WHAT THE EXERCISE ASKS:
From the records below, copy out exactly the lines from the one containing "have := abc" to the one containing "(* renormalize the", both included. Add nothing else.

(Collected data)
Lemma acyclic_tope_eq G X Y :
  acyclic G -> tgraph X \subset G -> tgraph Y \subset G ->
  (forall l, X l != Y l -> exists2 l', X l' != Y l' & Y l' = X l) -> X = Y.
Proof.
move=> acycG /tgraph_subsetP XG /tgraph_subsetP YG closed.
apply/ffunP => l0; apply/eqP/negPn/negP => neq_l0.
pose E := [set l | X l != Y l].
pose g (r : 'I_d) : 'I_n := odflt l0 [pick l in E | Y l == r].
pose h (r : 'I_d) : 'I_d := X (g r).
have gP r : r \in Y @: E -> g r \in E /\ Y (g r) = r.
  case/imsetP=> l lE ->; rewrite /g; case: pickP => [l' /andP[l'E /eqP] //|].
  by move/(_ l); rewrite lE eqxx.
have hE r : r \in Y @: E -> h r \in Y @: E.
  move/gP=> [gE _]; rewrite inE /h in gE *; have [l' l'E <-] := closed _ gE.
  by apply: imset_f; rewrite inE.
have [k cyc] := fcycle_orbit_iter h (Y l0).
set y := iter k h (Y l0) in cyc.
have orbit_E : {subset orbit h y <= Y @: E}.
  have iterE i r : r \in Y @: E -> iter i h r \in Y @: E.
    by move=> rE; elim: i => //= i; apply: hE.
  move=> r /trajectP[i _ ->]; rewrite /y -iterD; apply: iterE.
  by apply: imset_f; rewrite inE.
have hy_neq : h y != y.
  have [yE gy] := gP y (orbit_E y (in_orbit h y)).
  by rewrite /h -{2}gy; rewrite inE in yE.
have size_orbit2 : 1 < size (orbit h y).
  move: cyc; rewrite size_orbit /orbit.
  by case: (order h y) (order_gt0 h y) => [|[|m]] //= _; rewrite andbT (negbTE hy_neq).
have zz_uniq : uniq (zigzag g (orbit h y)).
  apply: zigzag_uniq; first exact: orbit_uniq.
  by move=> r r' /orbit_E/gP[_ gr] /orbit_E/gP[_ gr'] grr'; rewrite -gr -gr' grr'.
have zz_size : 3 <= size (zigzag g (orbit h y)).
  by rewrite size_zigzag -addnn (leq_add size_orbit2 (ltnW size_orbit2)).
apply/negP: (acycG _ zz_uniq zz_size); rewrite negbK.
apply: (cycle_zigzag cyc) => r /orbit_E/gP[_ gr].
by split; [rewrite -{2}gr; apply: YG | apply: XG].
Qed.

...

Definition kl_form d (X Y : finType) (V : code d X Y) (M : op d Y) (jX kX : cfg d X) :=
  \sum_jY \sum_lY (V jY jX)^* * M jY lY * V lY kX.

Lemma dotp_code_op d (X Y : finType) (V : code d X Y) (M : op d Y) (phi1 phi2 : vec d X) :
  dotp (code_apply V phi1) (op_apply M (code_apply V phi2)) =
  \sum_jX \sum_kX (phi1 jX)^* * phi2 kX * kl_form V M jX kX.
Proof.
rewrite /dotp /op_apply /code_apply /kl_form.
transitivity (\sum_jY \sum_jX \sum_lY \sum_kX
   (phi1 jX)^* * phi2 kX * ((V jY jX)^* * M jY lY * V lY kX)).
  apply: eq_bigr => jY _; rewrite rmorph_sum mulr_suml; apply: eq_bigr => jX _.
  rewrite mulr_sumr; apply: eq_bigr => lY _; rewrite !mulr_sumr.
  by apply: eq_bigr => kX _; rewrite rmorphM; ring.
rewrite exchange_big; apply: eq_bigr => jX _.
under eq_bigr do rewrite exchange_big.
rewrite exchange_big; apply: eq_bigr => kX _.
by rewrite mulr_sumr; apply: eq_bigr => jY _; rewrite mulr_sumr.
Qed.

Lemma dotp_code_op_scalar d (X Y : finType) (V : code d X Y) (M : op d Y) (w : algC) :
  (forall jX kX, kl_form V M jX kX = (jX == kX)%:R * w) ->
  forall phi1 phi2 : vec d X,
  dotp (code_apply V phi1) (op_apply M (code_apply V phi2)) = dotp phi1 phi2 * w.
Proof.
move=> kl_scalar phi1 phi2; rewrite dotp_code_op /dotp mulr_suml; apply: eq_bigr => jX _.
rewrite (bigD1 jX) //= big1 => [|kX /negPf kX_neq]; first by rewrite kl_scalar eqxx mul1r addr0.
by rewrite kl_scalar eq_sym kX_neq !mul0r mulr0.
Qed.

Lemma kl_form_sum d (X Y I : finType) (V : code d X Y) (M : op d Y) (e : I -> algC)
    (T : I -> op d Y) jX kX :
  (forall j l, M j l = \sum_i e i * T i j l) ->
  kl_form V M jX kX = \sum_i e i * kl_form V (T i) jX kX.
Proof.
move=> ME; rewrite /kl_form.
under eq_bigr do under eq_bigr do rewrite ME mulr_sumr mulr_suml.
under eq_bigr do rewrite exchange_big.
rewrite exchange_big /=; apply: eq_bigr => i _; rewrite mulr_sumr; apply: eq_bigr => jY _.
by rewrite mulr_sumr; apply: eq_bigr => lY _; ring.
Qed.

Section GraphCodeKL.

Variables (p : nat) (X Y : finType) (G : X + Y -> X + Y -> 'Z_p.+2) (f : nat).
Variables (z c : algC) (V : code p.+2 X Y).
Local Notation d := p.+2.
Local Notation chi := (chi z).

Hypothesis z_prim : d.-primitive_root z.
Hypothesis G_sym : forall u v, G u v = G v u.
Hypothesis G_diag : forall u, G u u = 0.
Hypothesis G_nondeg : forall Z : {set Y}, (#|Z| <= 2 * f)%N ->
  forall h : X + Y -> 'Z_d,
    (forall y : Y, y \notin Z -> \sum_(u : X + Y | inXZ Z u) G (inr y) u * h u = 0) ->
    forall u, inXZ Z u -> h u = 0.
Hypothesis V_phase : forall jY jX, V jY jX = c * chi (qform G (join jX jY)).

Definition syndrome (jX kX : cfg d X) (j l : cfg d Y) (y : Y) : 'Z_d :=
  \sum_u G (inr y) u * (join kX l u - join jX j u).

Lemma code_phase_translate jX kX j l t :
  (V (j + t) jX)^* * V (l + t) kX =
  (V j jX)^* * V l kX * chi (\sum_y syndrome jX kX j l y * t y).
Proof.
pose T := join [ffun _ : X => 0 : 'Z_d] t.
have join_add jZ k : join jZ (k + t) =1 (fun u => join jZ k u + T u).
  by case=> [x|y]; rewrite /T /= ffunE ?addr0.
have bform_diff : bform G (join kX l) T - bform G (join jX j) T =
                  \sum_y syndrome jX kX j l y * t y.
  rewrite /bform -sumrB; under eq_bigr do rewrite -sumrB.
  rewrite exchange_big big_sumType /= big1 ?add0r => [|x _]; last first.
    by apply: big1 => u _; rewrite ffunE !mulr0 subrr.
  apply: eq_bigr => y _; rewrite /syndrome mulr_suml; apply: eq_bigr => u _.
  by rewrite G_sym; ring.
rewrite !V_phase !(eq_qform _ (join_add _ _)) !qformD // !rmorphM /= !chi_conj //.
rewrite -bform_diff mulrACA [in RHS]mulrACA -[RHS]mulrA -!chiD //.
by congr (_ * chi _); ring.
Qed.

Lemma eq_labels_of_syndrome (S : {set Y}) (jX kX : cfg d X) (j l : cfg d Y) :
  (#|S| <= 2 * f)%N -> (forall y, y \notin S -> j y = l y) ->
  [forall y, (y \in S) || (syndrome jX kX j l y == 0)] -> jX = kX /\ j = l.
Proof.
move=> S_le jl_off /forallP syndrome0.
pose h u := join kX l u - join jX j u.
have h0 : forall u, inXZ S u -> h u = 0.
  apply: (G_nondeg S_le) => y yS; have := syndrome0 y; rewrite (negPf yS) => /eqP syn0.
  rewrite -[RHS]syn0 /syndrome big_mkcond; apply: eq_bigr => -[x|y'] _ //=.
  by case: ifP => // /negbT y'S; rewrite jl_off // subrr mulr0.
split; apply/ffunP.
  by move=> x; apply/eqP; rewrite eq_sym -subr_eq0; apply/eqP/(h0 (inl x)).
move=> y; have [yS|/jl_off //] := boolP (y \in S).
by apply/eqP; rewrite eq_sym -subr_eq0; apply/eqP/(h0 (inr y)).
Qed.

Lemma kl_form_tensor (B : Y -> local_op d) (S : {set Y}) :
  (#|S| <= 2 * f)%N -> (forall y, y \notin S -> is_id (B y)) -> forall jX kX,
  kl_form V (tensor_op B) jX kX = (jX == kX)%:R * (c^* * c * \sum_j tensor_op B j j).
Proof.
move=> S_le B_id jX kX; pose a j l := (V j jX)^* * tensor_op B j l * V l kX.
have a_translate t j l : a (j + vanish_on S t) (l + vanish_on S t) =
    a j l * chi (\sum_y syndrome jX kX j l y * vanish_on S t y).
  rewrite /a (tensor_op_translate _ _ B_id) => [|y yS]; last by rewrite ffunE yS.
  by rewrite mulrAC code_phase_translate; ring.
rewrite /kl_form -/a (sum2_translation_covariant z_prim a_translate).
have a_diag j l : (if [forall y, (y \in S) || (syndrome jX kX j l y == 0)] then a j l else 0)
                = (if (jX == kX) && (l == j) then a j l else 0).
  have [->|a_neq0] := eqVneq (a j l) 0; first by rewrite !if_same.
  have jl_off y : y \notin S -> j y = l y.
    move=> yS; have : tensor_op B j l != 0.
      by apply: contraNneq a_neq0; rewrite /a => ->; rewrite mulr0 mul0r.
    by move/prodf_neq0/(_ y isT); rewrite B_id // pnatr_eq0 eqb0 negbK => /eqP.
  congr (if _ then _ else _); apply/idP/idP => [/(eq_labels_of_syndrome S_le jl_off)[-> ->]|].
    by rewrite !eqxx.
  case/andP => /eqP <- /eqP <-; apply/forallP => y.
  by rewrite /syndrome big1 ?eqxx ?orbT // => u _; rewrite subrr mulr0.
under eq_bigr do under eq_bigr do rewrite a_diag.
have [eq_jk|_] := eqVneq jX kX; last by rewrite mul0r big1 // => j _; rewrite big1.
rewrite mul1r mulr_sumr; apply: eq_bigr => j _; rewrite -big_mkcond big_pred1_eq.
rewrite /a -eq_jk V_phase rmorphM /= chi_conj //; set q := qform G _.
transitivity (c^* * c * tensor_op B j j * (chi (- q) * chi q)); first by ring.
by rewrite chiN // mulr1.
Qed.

...

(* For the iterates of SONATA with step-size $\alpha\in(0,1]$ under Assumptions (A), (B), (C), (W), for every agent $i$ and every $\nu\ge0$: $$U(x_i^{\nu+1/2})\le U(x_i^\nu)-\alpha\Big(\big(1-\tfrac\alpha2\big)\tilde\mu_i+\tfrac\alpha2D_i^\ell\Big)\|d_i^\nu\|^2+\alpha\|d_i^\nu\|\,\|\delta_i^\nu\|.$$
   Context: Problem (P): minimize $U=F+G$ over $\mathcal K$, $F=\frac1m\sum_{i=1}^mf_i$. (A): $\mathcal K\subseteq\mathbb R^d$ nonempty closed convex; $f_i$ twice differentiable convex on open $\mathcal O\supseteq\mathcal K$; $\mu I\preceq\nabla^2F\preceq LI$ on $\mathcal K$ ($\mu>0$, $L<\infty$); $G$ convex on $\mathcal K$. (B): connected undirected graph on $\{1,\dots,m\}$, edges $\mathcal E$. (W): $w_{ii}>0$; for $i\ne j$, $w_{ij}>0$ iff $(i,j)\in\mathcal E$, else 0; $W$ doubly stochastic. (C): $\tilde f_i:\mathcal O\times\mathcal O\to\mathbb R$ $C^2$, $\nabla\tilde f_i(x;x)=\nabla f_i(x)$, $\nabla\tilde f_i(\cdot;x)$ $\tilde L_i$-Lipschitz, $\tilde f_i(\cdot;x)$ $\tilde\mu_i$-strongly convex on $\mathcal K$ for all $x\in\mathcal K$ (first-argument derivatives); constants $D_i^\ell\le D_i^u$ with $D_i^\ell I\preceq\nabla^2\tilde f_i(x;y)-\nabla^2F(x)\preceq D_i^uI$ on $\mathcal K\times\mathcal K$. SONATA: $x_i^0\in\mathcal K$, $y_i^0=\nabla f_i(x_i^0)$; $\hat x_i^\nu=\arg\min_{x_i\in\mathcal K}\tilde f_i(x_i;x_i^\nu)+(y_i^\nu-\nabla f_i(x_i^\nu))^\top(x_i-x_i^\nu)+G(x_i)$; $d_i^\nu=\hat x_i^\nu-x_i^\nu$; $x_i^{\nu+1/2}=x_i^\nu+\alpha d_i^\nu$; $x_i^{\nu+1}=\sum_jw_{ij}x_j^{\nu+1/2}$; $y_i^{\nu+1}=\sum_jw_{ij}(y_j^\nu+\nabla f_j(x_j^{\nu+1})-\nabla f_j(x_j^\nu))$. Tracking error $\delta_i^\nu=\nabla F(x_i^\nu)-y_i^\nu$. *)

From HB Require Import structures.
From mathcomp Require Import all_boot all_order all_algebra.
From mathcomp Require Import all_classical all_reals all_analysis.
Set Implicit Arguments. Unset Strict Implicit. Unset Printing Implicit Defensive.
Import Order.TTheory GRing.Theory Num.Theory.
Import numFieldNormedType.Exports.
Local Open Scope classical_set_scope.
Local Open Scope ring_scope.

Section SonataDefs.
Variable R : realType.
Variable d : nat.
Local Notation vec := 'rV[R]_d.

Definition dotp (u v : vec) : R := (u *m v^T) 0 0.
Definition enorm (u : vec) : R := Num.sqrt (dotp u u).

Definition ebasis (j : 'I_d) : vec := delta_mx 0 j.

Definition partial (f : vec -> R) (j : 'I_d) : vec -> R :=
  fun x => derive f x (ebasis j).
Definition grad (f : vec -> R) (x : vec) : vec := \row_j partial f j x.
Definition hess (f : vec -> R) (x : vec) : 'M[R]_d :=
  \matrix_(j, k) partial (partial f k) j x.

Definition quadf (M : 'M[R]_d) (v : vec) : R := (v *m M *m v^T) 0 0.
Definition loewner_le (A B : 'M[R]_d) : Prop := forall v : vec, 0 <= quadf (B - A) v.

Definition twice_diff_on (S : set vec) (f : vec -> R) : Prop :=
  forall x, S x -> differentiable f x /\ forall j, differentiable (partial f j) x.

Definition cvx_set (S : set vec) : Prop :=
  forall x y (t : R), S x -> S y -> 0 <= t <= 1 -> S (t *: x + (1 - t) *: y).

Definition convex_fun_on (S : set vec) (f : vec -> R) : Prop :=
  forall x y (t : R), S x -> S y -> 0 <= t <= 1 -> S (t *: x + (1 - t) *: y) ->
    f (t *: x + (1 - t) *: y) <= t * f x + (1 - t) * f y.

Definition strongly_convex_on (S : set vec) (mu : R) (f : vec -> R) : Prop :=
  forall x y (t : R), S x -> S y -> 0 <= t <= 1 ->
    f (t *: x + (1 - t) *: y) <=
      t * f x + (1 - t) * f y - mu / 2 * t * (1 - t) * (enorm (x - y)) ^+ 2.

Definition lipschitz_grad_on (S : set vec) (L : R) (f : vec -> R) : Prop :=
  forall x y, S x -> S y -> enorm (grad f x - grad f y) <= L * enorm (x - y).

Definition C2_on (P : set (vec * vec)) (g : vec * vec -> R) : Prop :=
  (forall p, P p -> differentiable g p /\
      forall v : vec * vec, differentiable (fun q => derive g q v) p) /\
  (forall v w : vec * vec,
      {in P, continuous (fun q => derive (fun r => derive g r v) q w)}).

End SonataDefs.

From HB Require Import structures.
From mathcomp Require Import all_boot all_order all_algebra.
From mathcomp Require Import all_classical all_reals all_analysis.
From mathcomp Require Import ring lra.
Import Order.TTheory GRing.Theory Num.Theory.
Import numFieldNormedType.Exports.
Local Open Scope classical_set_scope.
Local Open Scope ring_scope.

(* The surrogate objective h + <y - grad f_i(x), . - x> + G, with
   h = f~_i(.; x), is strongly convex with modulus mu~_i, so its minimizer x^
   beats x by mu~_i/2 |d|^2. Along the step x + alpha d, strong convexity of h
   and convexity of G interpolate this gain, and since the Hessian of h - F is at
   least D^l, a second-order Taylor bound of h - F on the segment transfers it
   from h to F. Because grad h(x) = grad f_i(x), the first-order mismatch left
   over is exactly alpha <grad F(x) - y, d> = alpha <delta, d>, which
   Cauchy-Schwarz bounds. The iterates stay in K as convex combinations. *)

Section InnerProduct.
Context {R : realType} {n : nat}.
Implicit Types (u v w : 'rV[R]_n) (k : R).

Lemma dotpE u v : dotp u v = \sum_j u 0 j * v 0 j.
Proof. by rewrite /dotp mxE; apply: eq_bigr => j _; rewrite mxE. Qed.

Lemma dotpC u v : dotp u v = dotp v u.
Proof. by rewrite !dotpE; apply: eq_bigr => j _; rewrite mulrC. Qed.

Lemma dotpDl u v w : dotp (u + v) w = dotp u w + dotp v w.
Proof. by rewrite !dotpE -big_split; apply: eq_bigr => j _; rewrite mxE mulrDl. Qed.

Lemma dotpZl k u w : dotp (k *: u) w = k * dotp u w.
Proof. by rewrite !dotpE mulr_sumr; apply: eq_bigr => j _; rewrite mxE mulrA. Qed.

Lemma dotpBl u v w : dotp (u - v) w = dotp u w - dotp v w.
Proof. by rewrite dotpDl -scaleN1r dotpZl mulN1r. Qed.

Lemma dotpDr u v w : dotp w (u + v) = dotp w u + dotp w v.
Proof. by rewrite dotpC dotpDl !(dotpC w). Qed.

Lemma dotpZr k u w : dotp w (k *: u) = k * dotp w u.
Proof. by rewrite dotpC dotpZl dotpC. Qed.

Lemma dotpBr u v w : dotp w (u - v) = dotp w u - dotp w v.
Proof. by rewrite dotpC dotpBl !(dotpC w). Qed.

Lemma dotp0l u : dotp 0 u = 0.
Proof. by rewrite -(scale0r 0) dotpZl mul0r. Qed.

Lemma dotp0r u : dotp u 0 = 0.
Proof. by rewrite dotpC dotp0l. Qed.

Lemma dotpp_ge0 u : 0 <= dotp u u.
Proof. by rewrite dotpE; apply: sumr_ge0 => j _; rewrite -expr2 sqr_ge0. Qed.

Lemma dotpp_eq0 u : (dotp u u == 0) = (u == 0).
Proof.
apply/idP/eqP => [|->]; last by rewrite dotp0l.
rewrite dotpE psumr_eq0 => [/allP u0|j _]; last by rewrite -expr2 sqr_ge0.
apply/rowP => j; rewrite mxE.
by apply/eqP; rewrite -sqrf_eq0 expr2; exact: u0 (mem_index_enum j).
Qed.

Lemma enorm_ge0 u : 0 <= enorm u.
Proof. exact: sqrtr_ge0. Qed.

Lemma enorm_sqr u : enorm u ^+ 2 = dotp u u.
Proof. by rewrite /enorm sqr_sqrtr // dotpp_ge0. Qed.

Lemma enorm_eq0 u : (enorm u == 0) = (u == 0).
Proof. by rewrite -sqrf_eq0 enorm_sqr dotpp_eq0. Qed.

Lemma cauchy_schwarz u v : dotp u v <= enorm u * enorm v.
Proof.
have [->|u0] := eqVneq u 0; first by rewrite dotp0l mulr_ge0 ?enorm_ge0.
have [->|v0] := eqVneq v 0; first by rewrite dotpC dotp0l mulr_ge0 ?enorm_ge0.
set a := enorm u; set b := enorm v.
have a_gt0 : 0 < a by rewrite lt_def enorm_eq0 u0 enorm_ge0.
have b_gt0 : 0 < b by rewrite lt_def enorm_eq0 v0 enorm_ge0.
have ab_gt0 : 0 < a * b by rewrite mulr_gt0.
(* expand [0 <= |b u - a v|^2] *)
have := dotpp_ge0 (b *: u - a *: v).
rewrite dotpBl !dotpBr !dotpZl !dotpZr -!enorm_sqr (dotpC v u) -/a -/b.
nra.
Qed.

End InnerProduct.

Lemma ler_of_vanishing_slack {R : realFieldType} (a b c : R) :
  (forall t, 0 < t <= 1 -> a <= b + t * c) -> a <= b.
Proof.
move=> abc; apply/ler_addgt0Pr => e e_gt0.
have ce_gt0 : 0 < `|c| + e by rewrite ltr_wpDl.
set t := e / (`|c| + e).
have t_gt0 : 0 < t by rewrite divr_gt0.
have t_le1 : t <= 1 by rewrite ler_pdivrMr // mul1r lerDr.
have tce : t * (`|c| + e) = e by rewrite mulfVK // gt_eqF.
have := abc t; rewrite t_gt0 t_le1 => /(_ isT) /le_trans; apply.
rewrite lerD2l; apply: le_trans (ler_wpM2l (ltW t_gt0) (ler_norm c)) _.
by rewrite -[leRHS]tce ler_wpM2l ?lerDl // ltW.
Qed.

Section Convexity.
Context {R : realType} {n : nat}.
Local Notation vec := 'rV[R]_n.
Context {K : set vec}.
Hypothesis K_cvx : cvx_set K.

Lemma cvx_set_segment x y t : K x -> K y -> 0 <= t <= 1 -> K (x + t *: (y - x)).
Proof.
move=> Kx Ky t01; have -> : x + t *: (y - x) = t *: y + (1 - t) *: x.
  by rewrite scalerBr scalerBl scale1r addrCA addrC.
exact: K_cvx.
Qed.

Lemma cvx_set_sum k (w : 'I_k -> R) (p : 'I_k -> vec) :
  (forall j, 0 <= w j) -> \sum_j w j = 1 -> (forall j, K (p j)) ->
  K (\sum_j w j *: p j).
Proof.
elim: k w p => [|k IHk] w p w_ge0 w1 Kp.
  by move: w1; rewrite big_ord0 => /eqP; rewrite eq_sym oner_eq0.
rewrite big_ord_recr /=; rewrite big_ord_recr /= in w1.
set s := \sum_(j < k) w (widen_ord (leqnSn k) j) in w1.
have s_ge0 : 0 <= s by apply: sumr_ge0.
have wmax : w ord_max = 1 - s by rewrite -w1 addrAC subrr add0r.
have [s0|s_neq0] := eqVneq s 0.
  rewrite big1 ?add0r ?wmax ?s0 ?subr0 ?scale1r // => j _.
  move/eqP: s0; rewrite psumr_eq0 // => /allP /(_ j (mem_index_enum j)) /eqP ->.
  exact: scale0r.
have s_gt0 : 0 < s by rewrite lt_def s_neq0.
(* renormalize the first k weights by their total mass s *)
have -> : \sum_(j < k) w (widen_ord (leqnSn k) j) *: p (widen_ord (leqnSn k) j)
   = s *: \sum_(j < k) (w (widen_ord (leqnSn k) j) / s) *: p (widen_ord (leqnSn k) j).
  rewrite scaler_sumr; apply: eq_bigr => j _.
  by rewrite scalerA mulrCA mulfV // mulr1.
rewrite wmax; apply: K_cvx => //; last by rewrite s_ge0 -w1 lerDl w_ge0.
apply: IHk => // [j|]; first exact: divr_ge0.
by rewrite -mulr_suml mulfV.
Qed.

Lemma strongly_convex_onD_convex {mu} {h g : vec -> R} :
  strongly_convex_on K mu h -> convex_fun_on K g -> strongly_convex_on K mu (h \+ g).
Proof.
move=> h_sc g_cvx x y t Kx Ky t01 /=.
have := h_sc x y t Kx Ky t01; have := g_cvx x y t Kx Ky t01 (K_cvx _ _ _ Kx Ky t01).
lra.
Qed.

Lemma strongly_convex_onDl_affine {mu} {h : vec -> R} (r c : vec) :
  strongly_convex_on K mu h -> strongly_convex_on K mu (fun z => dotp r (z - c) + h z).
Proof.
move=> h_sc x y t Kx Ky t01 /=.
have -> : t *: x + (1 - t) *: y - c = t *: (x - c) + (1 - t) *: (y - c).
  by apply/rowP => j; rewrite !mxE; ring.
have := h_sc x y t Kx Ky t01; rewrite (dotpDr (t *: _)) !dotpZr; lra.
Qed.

ANSWER TO THE EXERCISE:
have := abc t; rewrite t_gt0 t_le1 => /(_ isT) /le_trans; apply.
rewrite lerD2l; apply: le_trans (ler_wpM2l (ltW t_gt0) (ler_norm c)) _.
by rewrite -[leRHS]tce ler_wpM2l ?lerDl // ltW.
Qed.

Section Convexity.
Context {R : realType} {n : nat}.
Local Notation vec := 'rV[R]_n.
Context {K : set vec}.
Hypothesis K_cvx : cvx_set K.

Lemma cvx_set_segment x y t : K x -> K y -> 0 <= t <= 1 -> K (x + t *: (y - x)).
Proof.
move=> Kx Ky t01; have -> : x + t *: (y - x) = t *: y + (1 - t) *: x.
  by rewrite scalerBr scalerBl scale1r addrCA addrC.
exact: K_cvx.
Qed.

Lemma cvx_set_sum k (w : 'I_k -> R) (p : 'I_k -> vec) :
  (forall j, 0 <= w j) -> \sum_j w j = 1 -> (forall j, K (p j)) ->
  K (\sum_j w j *: p j).
Proof.
elim: k w p => [|k IHk] w p w_ge0 w1 Kp.
  by move: w1; rewrite big_ord0 => /eqP; rewrite eq_sym oner_eq0.
rewrite big_ord_recr /=; rewrite big_ord_recr /= in w1.
set s := \sum_(j < k) w (widen_ord (leqnSn k) j) in w1.
have s_ge0 : 0 <= s by apply: sumr_ge0.
have wmax : w ord_max = 1 - s by rewrite -w1 addrAC subrr add0r.
have [s0|s_neq0] := eqVneq s 0.
  rewrite big1 ?add0r ?wmax ?s0 ?subr0 ?scale1r // => j _.
  move/eqP: s0; rewrite psumr_eq0 // => /allP /(_ j (mem_index_enum j)) /eqP ->.
  exact: scale0r.
have s_gt0 : 0 < s by rewrite lt_def s_neq0.
(* renormalize the first k weights by their total mass s *)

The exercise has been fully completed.